*** Opening of RECORDS SUPPLIED ***

(* Let $P=\{\mathbf{x}^{(\mathrm{p})}_i\}_{i=1}^{n_{\mathrm p}}$ and $U=\{\mathbf{x}^{(\mathrm{u})}_i\}_{i=1}^{n_{\mathrm u}}$ be finite sets of points in $\mathbb{R}^d$, let $\pi\in(0,1)$, $w_{\mathrm p}=\pi/n_{\mathrm p}$ and $w_{\mathrm u}=1/n_{\mathrm u}$. Let $P'\subseteq P$ and $U'\subseteq U$, not both empty. For a loss $\ell:\mathbb{R}\times\{-1,+1\}\to\mathbb{R}$ define $$\hat R_{\mathrm{nnPU}}(v;P',U')=\sum_{\mathbf{x}\in P'}w_{\mathrm p}\,\ell(v,+1)+\max\Bigl\{0,\ \sum_{\mathbf{x}\in U'}w_{\mathrm u}\,\ell(v,-1)-\sum_{\mathbf{x}\in P'}w_{\mathrm p}\,\ell(v,-1)\Bigr\},$$ and $\hat R^*_{\mathrm{nnPU}}(P',U')=\inf_{v\in\mathbb{R}}\hat R_{\mathrm{nnPU}}(v;P',U')$. Let $W_{\mathrm p}=|P'|w_{\mathrm p}$, $W_{\mathrm n}=|U'|w_{\mathrm u}-|P'|w_{\mathrm p}$, and $v^*=\frac{W_{\mathrm p}}{W_{\mathrm p}+W_{\mathrm n}}$, where $v^*=+\infty$ if $W_{\mathrm p}+W_{\mathrm n}=0$. (a) For the quadratic loss $\ell(v,y)=(1-vy)^2$: $$\hat R^*_{\mathrm{nnPU}}(P',U')=\begin{cases}0,& v^*>1,\\ 4(W_{\mathrm p}+W_{\mathrm n})\,v^*(1-v^* ),&\text{otherwise.}\end{cases}$$ (b) For the logistic loss $\ell(v,y)=\ln(1+\exp(-vy))$: $$\hat R^*_{\mathrm{nnPU}}(P',U')=\begin{cases}(W_{\mathrm p}+W_{\mathrm n})\bigl(-v^*\ln v^*-(1-v^* )\ln(1-v^* )\bigr),& 0<v^*<1,\\ 0,&\text{otherwise.}\end{cases}$$
   Context: This is the non-negative PU (nnPU) risk estimate restricted to a decision-tree node containing positive examples $P'$ and unlabeled examples $U'$, when a constant score $v$ is predicted at that node. The value $v^*=+\infty$ counts as $v^*>1$. *)

From HB Require Import structures.
From mathcomp Require Import all_boot all_order all_algebra.
From mathcomp Require Import all_classical all_reals all_analysis.
Set Implicit Arguments. Unset Strict Implicit. Unset Printing Implicit Defensive.
Import Order.TTheory GRing.Theory Num.Theory.
Local Open Scope ring_scope.
Local Open Scope classical_set_scope.

(* Losses l(v, y), with the label y in {-1,+1} encoded as a real (1 or -1). *)
Definition quad_loss (R : realType) (v y : R) : R := (1 - v * y) ^+ 2.
Definition logistic_loss (R : realType) (v y : R) : R := ln (1 + expR (- (v * y))).

Definition nnPU_risk (R : realType) (loss : R -> R -> R) (pi : R)
  (np nu : nat) (P' : {set 'I_np}) (U' : {set 'I_nu}) (v : R) : R :=
  let wp := pi / np%:R in let wu := 1 / nu%:R in
  \sum_(i in P') wp * loss v 1
  + Num.max 0 (\sum_(i in U') wu * loss v (-1) - \sum_(i in P') wp * loss v (-1)).

Definition nnPU_opt (R : realType) (loss : R -> R -> R) (pi : R)
  (np nu : nat) (P' : {set 'I_np}) (U' : {set 'I_nu}) : R :=
  inf [set nnPU_risk loss pi P' U' v | v in [set: R]].

Definition Wp (R : realType) (pi : R) (np : nat) (P' : {set 'I_np}) : R :=
  #|P'|%:R * (pi / np%:R).
Definition Wn (R : realType) (pi : R) (np nu : nat)
  (P' : {set 'I_np}) (U' : {set 'I_nu}) : R :=
  #|U'|%:R * (1 / nu%:R) - #|P'|%:R * (pi / np%:R).

Definition vstar (R : realType) (pi : R) (np nu : nat)
  (P' : {set 'I_np}) (U' : {set 'I_nu}) : \bar R :=
  let s := Wp pi P' + Wn pi P' U' in
  if s == 0 then +oo%E else (Wp pi P' / s)%:E.

From HB Require Import structures.
From mathcomp Require Import all_boot all_order all_algebra.
From mathcomp Require Import all_classical all_reals all_analysis.
From mathcomp Require Import ring lra.
Set Implicit Arguments. Unset Strict Implicit. Unset Printing Implicit Defensive.
Import Order.TTheory GRing.Theory Num.Theory.
Local Open Scope ring_scope.
Local Open Scope classical_set_scope.

(* Write a := W_p and b := W_n, so that the risk at v is
   a l(v,+1) + max(0, b l(v,-1)).  If b <= 0 the max vanishes and a l(v,+1)
   can be made arbitrarily small (v = 1 for the quadratic loss, v -> +oo for
   the logistic one); for the logistic loss the same happens when a = 0, now
   letting v -> -oo.  Otherwise the risk is a l(v,+1) + b l(v,-1).  For the
   quadratic loss, completing the square gives the minimum 4ab/(a+b) at
   v = (a-b)/(a+b).  For the logistic loss, with q = sigmoid v the risk is the
   cross entropy -a ln q - b ln(1-q), minimised at q = a/(a+b) by Gibbs'
   inequality.  It remains to express both values through v* = a/(a+b). *)

Section Logarithm.
Variable R : realType.
Implicit Types x : R.

Lemma ln_le_subr1 x : 0 < x -> ln x <= x - 1.
Proof.
move=> x_gt0; have := @le_ln1Dx R (x - 1).
by rewrite addrCA subrr addr0; apply; lra.
Qed.

Definition softplus x := ln (1 + expR x).
Definition sigmoid x := (1 + expR (- x))^-1.

Lemma softplus_ge0 x : 0 <= softplus x.
Proof. by rewrite ln_ge0 // lerDl expR_ge0. Qed.

Lemma softplus_le x : softplus x <= expR x.
Proof. by rewrite le_ln1Dx // (lt_le_trans (ltrN10 R)) ?expR_ge0. Qed.

Lemma sigmoid_gt0 x : 0 < sigmoid x.
Proof. by rewrite invr_gt0 ltr_wpDr ?expR_ge0. Qed.

Lemma sigmoid_lt1 x : sigmoid x < 1.
Proof. by rewrite invf_lt1 ?ltrDl ?expR_gt0 // ltr_wpDr ?expR_ge0. Qed.

Lemma softplusN x : softplus (- x) = - ln (sigmoid x).
Proof. by rewrite /softplus lnV ?opprK // posrE ltr_wpDr ?expR_ge0. Qed.

Lemma softplus_sigmoid x : softplus x = - ln (1 - sigmoid x).
Proof.
have ex_gt0 := expR_gt0 x.
have -> : 1 - sigmoid x = (1 + expR x)^-1.
  by rewrite /sigmoid expRN; field; rewrite ?gt_eqF // ltr_wpDl.
by rewrite /softplus lnV ?opprK // posrE ltr_wpDr ?expR_ge0.
Qed.

Lemma sigmoid_ln_ratio (a b : R) : 0 < a -> 0 < b ->
  sigmoid (ln (a / b)) = a / (a + b).
Proof.
move=> a_gt0 b_gt0; rewrite /sigmoid expRN lnK ?posrE ?divr_gt0 //.
by field; rewrite !gt_eqF ?addr_gt0.
Qed.

Lemma mul_softplus_small (c e : R) : 0 <= c -> 0 < e ->
  exists v, c * softplus v < e.
Proof.
move=> c_ge0 e_gt0; have d_gt0 : 0 < e / (c + 1) by rewrite divr_gt0 //; lra.
exists (ln (e / (c + 1))).
apply: (le_lt_trans (ler_wpM2l c_ge0 (softplus_le _))).
rewrite lnK ?posrE //.
have -> : c * (e / (c + 1)) = e - e / (c + 1) by field; lra.
lra.
Qed.

Lemma binary_gibbs (a b q : R) : 0 < a -> 0 < b -> 0 < q < 1 ->
  - a * ln (a / (a + b)) - b * ln (b / (a + b)) <= - a * ln q - b * ln (1 - q).
Proof.
move=> a_gt0 b_gt0 /andP[q_gt0 q_lt1]; have s_gt0 : 0 < a + b by lra.
have gibbs_term x y : 0 < x -> 0 < y ->
    x * (ln y - ln (x / (a + b))) <= y * (a + b) - x.
  move=> x_gt0 y_gt0; have p_gt0 : 0 < x / (a + b) by rewrite divr_gt0.
  rewrite -ln_div ?posrE //.
  have := ler_wpM2l (ltW x_gt0) (ln_le_subr1 (divr_gt0 y_gt0 p_gt0)).
  suff -> : x * (y / (x / (a + b)) - 1) = y * (a + b) - x by [].
  by field; rewrite !gt_eqF.
have := gibbs_term a q a_gt0 q_gt0; have := gibbs_term b (1 - q) b_gt0.
rewrite subr_gt0 => /(_ q_lt1); lra.
Qed.

End Logarithm.

Section RiskInfima.
Variable R : realType.

Lemma inf_range_eq (f : R -> R) (m : R) :
  (forall v, m <= f v) -> (forall e, 0 < e -> exists v, f v < m + e) ->
  inf (range f) = m.
Proof.
move=> f_ge approx; apply/le_anti/andP; split; last first.
  by apply: lb_le_inf => [|_ [v _ <-]]; [exists (f 0), 0 | exact: f_ge].
apply/ler_addgt0Pr => e /approx [v fv_lt]; apply: le_trans (ltW fv_lt).
by apply: ge_inf; [exists m => _ [w _ <-]; exact: f_ge | exists v].
Qed.

Lemma quad_range_inf (a b : R) : 0 <= a ->
  inf (range (fun v => a * (1 - v) ^+ 2 + Num.max 0 (b * (1 + v) ^+ 2))) =
  if 0 < b then 4 * a * b / (a + b) else 0.
Proof.
move=> a_ge0; have [b_le0|b_gt0] := lerP b 0.
  have fE v : a * (1 - v) ^+ 2 + Num.max 0 (b * (1 + v) ^+ 2) = a * (1 - v) ^+ 2.
    by rewrite max_l ?addr0 // mulr_le0_ge0 ?sqr_ge0.
  apply: inf_range_eq => [v|e e_gt0]; first by rewrite fE mulr_ge0 ?sqr_ge0.
  by exists 1; rewrite fE subrr expr0n mulr0 add0r.
have s_gt0 : 0 < a + b by lra.
have fE v : a * (1 - v) ^+ 2 + Num.max 0 (b * (1 + v) ^+ 2)
    = 4 * a * b / (a + b) + ((a + b) * v - (a - b)) ^+ 2 / (a + b).
  by rewrite max_r ?(mulr_ge0 (ltW b_gt0) (sqr_ge0 _)) //; field; rewrite gt_eqF.
apply: inf_range_eq => [v|e e_gt0].
  by rewrite fE lerDl divr_ge0 ?sqr_ge0 ?ltW.
exists ((a - b) / (a + b)); rewrite fE [(a + b) * _]mulrC divfK ?gt_eqF // subrr.
by rewrite expr0n mul0r addr0 ltrDl.
Qed.

Lemma logistic_range_inf (a b : R) : 0 <= a ->
  inf (range (fun v => a * softplus (- v) + Num.max 0 (b * softplus v))) =
  if (0 < a) && (0 < b) then - a * ln (a / (a + b)) - b * ln (b / (a + b))
  else 0.
Proof.
move=> a_ge0; case: ifPn => [/andP[a_gt0 b_gt0] | degenerate].
  have fE v : a * softplus (- v) + Num.max 0 (b * softplus v)
      = - a * ln (sigmoid v) - b * ln (1 - sigmoid v).
    rewrite max_r ?mulr_ge0 ?softplus_ge0 ?ltW // softplusN softplus_sigmoid.
    by rewrite !mulrN mulNr.
  apply: inf_range_eq => [v|e e_gt0].
    by rewrite fE binary_gibbs ?sigmoid_gt0 ?sigmoid_lt1.
  exists (ln (a / b)); rewrite fE sigmoid_ln_ratio //.
  have -> : 1 - a / (a + b) = b / (a + b) by field; rewrite gt_eqF ?addr_gt0.
  by rewrite ltrDl.
apply: inf_range_eq => [v|e e_gt0].
  by rewrite addr_ge0 ?mulr_ge0 ?softplus_ge0 ?le_max ?lexx.
have [b_le0|b_gt0] := lerP b 0.
  have [v av_lt] := mul_softplus_small a_ge0 e_gt0; exists (- v).
  by rewrite opprK max_l ?addr0 ?add0r // mulr_le0_ge0 ?softplus_ge0.
have a0 : a = 0.
  by apply/le_anti; move: degenerate; rewrite b_gt0 andbT -leNgt => ->.
have [v bv_lt] := mul_softplus_small (ltW b_gt0) e_gt0; exists v.
by rewrite a0 mul0r !add0r max_r // mulr_ge0 ?softplus_ge0 ?ltW.
Qed.

End RiskInfima.

Section Risk.
Variables (R : realType) (pi : R) (np nu : nat).
Variables (P' : {set 'I_np}) (U' : {set 'I_nu}).

Lemma nnPU_riskE (loss : R -> R -> R) v :
  nnPU_risk loss pi P' U' v =
  Wp pi P' * loss v 1 + Num.max 0 (Wn pi P' U' * loss v (-1)).
Proof. by rewrite /nnPU_risk /Wn /Wp !sumr_const mulrBl -!mulrA !mulr_natl. Qed.

Lemma nnPU_risk_quad : nnPU_risk (@quad_loss R) pi P' U' =
  fun v => Wp pi P' * (1 - v) ^+ 2 + Num.max 0 (Wn pi P' U' * (1 + v) ^+ 2).
Proof. by apply/funext => v; rewrite nnPU_riskE /quad_loss mulr1 mulrN1 opprK. Qed.

Lemma nnPU_risk_logistic : nnPU_risk (@logistic_loss R) pi P' U' =
  fun v => Wp pi P' * softplus (- v) + Num.max 0 (Wn pi P' U' * softplus v).
Proof.
by apply/funext => v; rewrite nnPU_riskE /logistic_loss mulr1 mulrN1 opprK.
Qed.

Lemma Wp_ge0 : 0 <= pi -> 0 <= Wp pi P'.
Proof. by move=> pi_ge0; rewrite mulr_ge0 ?divr_ge0. Qed.

Lemma Wp_add_Wn_ge0 : 0 <= Wp pi P' + Wn pi P' U'.
Proof. by rewrite /Wn addrC subrK mulr_ge0 ?divr_ge0. Qed.

End Risk.

Definition vstar_of (R : realType) (a b : R) : \bar R :=
  if a + b == 0 then +oo%E else (a / (a + b))%:E.

Lemma vstarE (R : realType) (pi : R) np nu
    (P' : {set 'I_np}) (U' : {set 'I_nu}) :
  vstar pi P' U' = vstar_of (Wp pi P') (Wn pi P' U').
Proof. by []. Qed.

Section VstarValues.
Variables (R : realType) (a b : R).
Local Notation vs := (vstar_of a b).

Lemma quad_opt_vstar : 0 <= a -> 0 <= a + b ->
  (if (1%:E < vs)%E then 0 else 4 * (a + b) * fine vs * (1 - fine vs)) =
  if 0 < b then 4 * a * b / (a + b) else 0.
Proof.
move=> a_ge0 ab_ge0; rewrite /vstar_of; have [s0|s_neq0] := eqVneq (a + b) 0.
  by rewrite ltry ltNge (_ : b <= 0) //; lra.
have s_gt0 : 0 < a + b by rewrite lt_neqAle eq_sym s_neq0.
have -> : 1 - a / (a + b) = b / (a + b) by field.
rewrite lte_fin ltr_pdivlMr // mul1r gtrDl /=.
case: ltrgtP => // [b_gt0|->]; first by field.
by rewrite mul0r mulr0.
Qed.

Lemma logistic_opt_vstar : 0 <= a -> 0 <= a + b ->
  (if (0%:E < vs)%E && (vs < 1%:E)%E then
     (a + b) * (- fine vs * ln (fine vs) - (1 - fine vs) * ln (1 - fine vs))
   else 0) =
  if (0 < a) && (0 < b) then - a * ln (a / (a + b)) - b * ln (b / (a + b))
  else 0.
Proof.
move=> a_ge0 ab_ge0; rewrite /vstar_of; have [s0|s_neq0] := eqVneq (a + b) 0.
  by rewrite [(+oo < _)%E]ltNge leey andbF; case: ifP => // /andP[]; lra.
have s_gt0 : 0 < a + b by rewrite lt_neqAle eq_sym s_neq0.
have -> : 1 - a / (a + b) = b / (a + b) by field.
rewrite !lte_fin pmulr_lgt0 ?invr_gt0 // ltr_pdivrMr // mul1r ltrDl /=.
by case: ifP => // _; field.
Qed.

End VstarValues.

Theorem proposition2 (R : realType) (d np nu : nat)
  (xp : 'I_np -> 'rV[R]_d) (xu : 'I_nu -> 'rV[R]_d)
  (xp_inj : injective xp) (xu_inj : injective xu)
  (pi : R) (hpi0 : 0 < pi) (hpi1 : pi < 1)
  (P' : {set 'I_np}) (U' : {set 'I_nu})
  (hne : P' != finset.set0 \/ U' != finset.set0) :
  let W := Wp pi P' + Wn pi P' U' in
  let vs := vstar pi P' U' in
  (nnPU_opt (@quad_loss R) pi P' U' =
     if (1%:E < vs)%E then 0
     else 4 * W * fine vs * (1 - fine vs))
  /\
  (nnPU_opt (@logistic_loss R) pi P' U' =
     if (0%:E < vs)%E && (vs < 1%:E)%E then
       W * (- fine vs * ln (fine vs) - (1 - fine vs) * ln (1 - fine vs))
     else 0).
Proof.
move=> W vs; rewrite {}/W {}/vs vstarE.
have a_ge0 := Wp_ge0 P' (ltW hpi0).
have s_ge0 := Wp_add_Wn_ge0 pi P' U'.
rewrite quad_opt_vstar ?logistic_opt_vstar // /nnPU_opt.
by rewrite nnPU_risk_quad nnPU_risk_logistic quad_range_inf ?logistic_range_inf.
Qed.
Lemma clamp_path_open (U : X -> Prop) t : mopen d U -> U (g (clamp L t)) ->
  exists r, 0 < r /\ forall t', Rabs (t' - t) < r -> U (g (clamp L t')).
Proof.
  intros oU Ut. destruct (oU _ Ut) as [r [Hr ball]].
  exists r; split; auto. intros t' Ht'. apply ball.
  rewrite g_isometric by auto using clamp_in.
  eapply Rle_lt_trans; [apply clamp_lipschitz; auto|].
  rewrite Rabs_minus_sym; exact Ht'.
Qed.

(* A separation of the segment would yield a continuous function R -> R
   with values in {1, -1} taking both values, contradicting the IVT. *)
Lemma segment_connected : mconnected d (segment g L).
Proof.
  intros [U [V [oU [oV [cov
    [[y1 [[a [Ha <-]] Ua]] [[y2 [[b [Hb <-]] Vb]] dis]]]]]]].
  set (h := fun t =>
    if excluded_middle_informative (U (g (clamp L t))) then 1 else -1).
  assert (side : forall t t', U (g (clamp L t)) <-> U (g (clamp L t')) ->
                 h t = h t').
  { intros t t' E; unfold h.
    repeat destruct excluded_middle_informative; tauto. }
  assert (locally_constant : forall t, exists r, 0 < r /\
            forall t', Rabs (t' - t) < r -> h t' = h t).
  { intro t. destruct (cov _ (segment_clamp t)) as [Ut | Vt].
    - destruct (clamp_path_open U t oU Ut) as [r [Hr near]].
      exists r; split; auto. intros t' Ht'. apply side; split; auto.
    - destruct (clamp_path_open V t oV Vt) as [r [Hr near]].
      exists r; split; auto. intros t' Ht'. apply side; split; intro Hu;
        exfalso; [apply (dis _ (segment_clamp t') Hu (near t' Ht'))
                 |apply (dis _ (segment_clamp t) Hu Vt)]. }
  assert (cont : continuity h).
  { intros t eps Heps. destruct (locally_constant t) as [r [Hr near]].
    exists r; split; auto. intros t' [_ Ht']; simpl in *; unfold R_dist in *.
    rewrite near, Rminus_diag, Rabs_R0 by exact Ht'; exact Heps. }
  assert (ha : h a = 1).
  { unfold h; rewrite clamp_id by auto.
    destruct excluded_middle_informative; tauto. }
  assert (hb : h b = -1).
  { unfold h; rewrite clamp_id by auto.
    destruct excluded_middle_informative as [Ub|]; auto.
    exfalso; eapply dis; [exists b; split; eauto | exact Ub | exact Vb]. }
  assert (zero : exists z, h z = 0).
  { destruct (Rle_dec a b) as [ab|ab].
    - destruct (IVT_cor h a b cont ab) as [z [_ Hz]];
        [rewrite ha, hb; lra | eauto].
    - destruct (IVT_cor h b a cont) as [z [_ Hz]];
        [lra | rewrite ha, hb; lra | eauto]. }
  destruct zero as [z Hz]. unfold h in Hz.
  destruct excluded_middle_informative; lra.
Qed.

End Segment.

Definition reach (B : X -> Prop) (r : R) (p z : X) : Prop :=
  exists (x : nat -> X) (N : nat), x 0%nat = p /\ x N = z /\
    (forall i, (i <= N)%nat -> B (x i)) /\
    (forall i, (i < N)%nat -> d (x i) (x (S i)) < r).

Lemma reach_refl B r p : B p -> reach B r p p.
Proof.
  intros Bp. exists (fun _ => p), 0%nat; repeat split; auto. intros; lia.
Qed.

Lemma reach_step B r p z y :
  reach B r p z -> B y -> d z y < r -> reach B r p y.
Proof.
  intros [x [N [H0 [HN [HB Hs]]]]] By Hzy.
  exists (fun i => if (i <=? N)%nat then x i else y), (S N).
  repeat split.
  - exact H0.
  - replace (S N <=? N)%nat with false by (symmetry; apply Nat.leb_gt; lia).
    reflexivity.
  - intros i Hi. destruct (Nat.leb_spec i N); auto.
  - intros i Hi.
    replace (i <=? N)%nat with true by (symmetry; apply Nat.leb_le; lia).
    destruct (Nat.leb_spec (S i) N); [apply Hs; lia|].
    replace i with N by lia. rewrite HN; exact Hzy.
Qed.
(* The theta of a hole c and a vertex w attached to c exactly at the vertices
   at positions k and k + r, with 2 <= r <= size c - 2: its three paths are
   the two arcs of c between these vertices and the path through w. *)
Lemma theta_of_arcs c k r w : is_hole e c -> w \notin c ->
  1 < r -> r.+1 < size c ->
  (forall z, z \in c -> (e w z <-> z = cyc c w k \/ z = cyc c w (k + r))) ->
  has_theta e.
Proof.
move=> hH hw hr1 hrn hN; have [h4 [hu _]] := hH.
have h0 : 0 < size c by lia.
have hr : r <= size c by apply: ltnW; apply: ltnW.
set x1 := cyc c w k in hN *; set x2 := cyc c w (k + r) in hN *.
set P1 := win c w k r.+1; set W := win c w (k + r) (size c - r).+1.
have hP1 : path_ab e P1 x1 x2 by apply: win_path.
have hP3 : path_ab e (rev W) x1 x2.
  by apply: path_ab_rev; rewrite /x1 -(cyc_round w k hr); apply: win_path => //; lia.
have hP1c z : z \in P1 -> z \in c by apply: win_sub.
have hP3c z : z \in rev W -> z \in c by rewrite mem_rev; apply: win_sub.
have ex1 : x1 = cyc c w (k + 0) by rewrite addn0.
have nx12 : ~~ e x1 x2.
  apply/negP; rewrite ex1 /x2.
  move/(win_adj w k (t := 0) (t' := r) hH ltac:(lia) ltac:(lia) hrn).
  by case=> //; lia.
have hx12 : x1 != x2.
  by rewrite ex1 /x2 cyc_offset_neq // ?ltn0Sn; [exact: ltnW | rewrite eq_sym -lt0n ltnW].
have hP2 : path_ab e [:: x1; w; x2] x1 x2.
  split=> //; apply: path3 hx12 _ _ nx12; last by apply/hN; [apply: cyc_in | right].
  by rewrite esym; apply/hN; [apply: cyc_in | left].
have hP2w z : z \in [:: x1; w; x2] -> z \in c -> z = x1 \/ z = x2.
  by rewrite !inE => /or3P [] /eqP -> //; [left | rewrite (negbTE hw) | right].
exists x1, x2, P1, [:: x1; w; x2], (rev W).
split; first by apply/eqP.
do 4 split=> //.
split; first by move=> z /hP1c hz /hP2w; apply.
split; first by move=> z hz1; rewrite mem_rev; apply: arcs_meet.
split; first by move=> z hz /hP3c /(hP2w z hz).
split.
  apply: apex_hole => //; first by rewrite size_win.
    by apply: contra hw; apply: hP1c.
  by move=> y /hP1c; apply: hN.
split.
  exists c; split=> // z; rewrite (arcs_cover w k h0 hr) !mem_cat mem_rev.
  by rewrite -/P1 -/W.
apply: (induces_hole_eq (s := rev W ++ [:: x1; w; x2])).
  by move=> z; rewrite !mem_cat orbC.
apply: apex_hole => //; first by rewrite size_rev size_win ltnS ltn_subRL addn1.
  by apply: contra hw; apply: hP3c.
by move=> y /hP3c; apply: hN.
Qed.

*** Close of RECORDS SUPPLIED ***

*TASK TO CARRY OUT*. Of the lines above, extract only those from the line with "apply/negP; rewrite ex1 /x2." to the line with "have hP2 : path_ab e [:: x1; w; x2] x1 x2.", both included, exactly as written.

*WRITTEN REPLY*.
  apply/negP; rewrite ex1 /x2.
  move/(win_adj w k (t := 0) (t' := r) hH ltac:(lia) ltac:(lia) hrn).
  by case=> //; lia.
have hx12 : x1 != x2.
  by rewrite ex1 /x2 cyc_offset_neq // ?ltn0Sn; [exact: ltnW | rewrite eq_sym -lt0n ltnW].
have hP2 : path_ab e [:: x1; w; x2] x1 x2.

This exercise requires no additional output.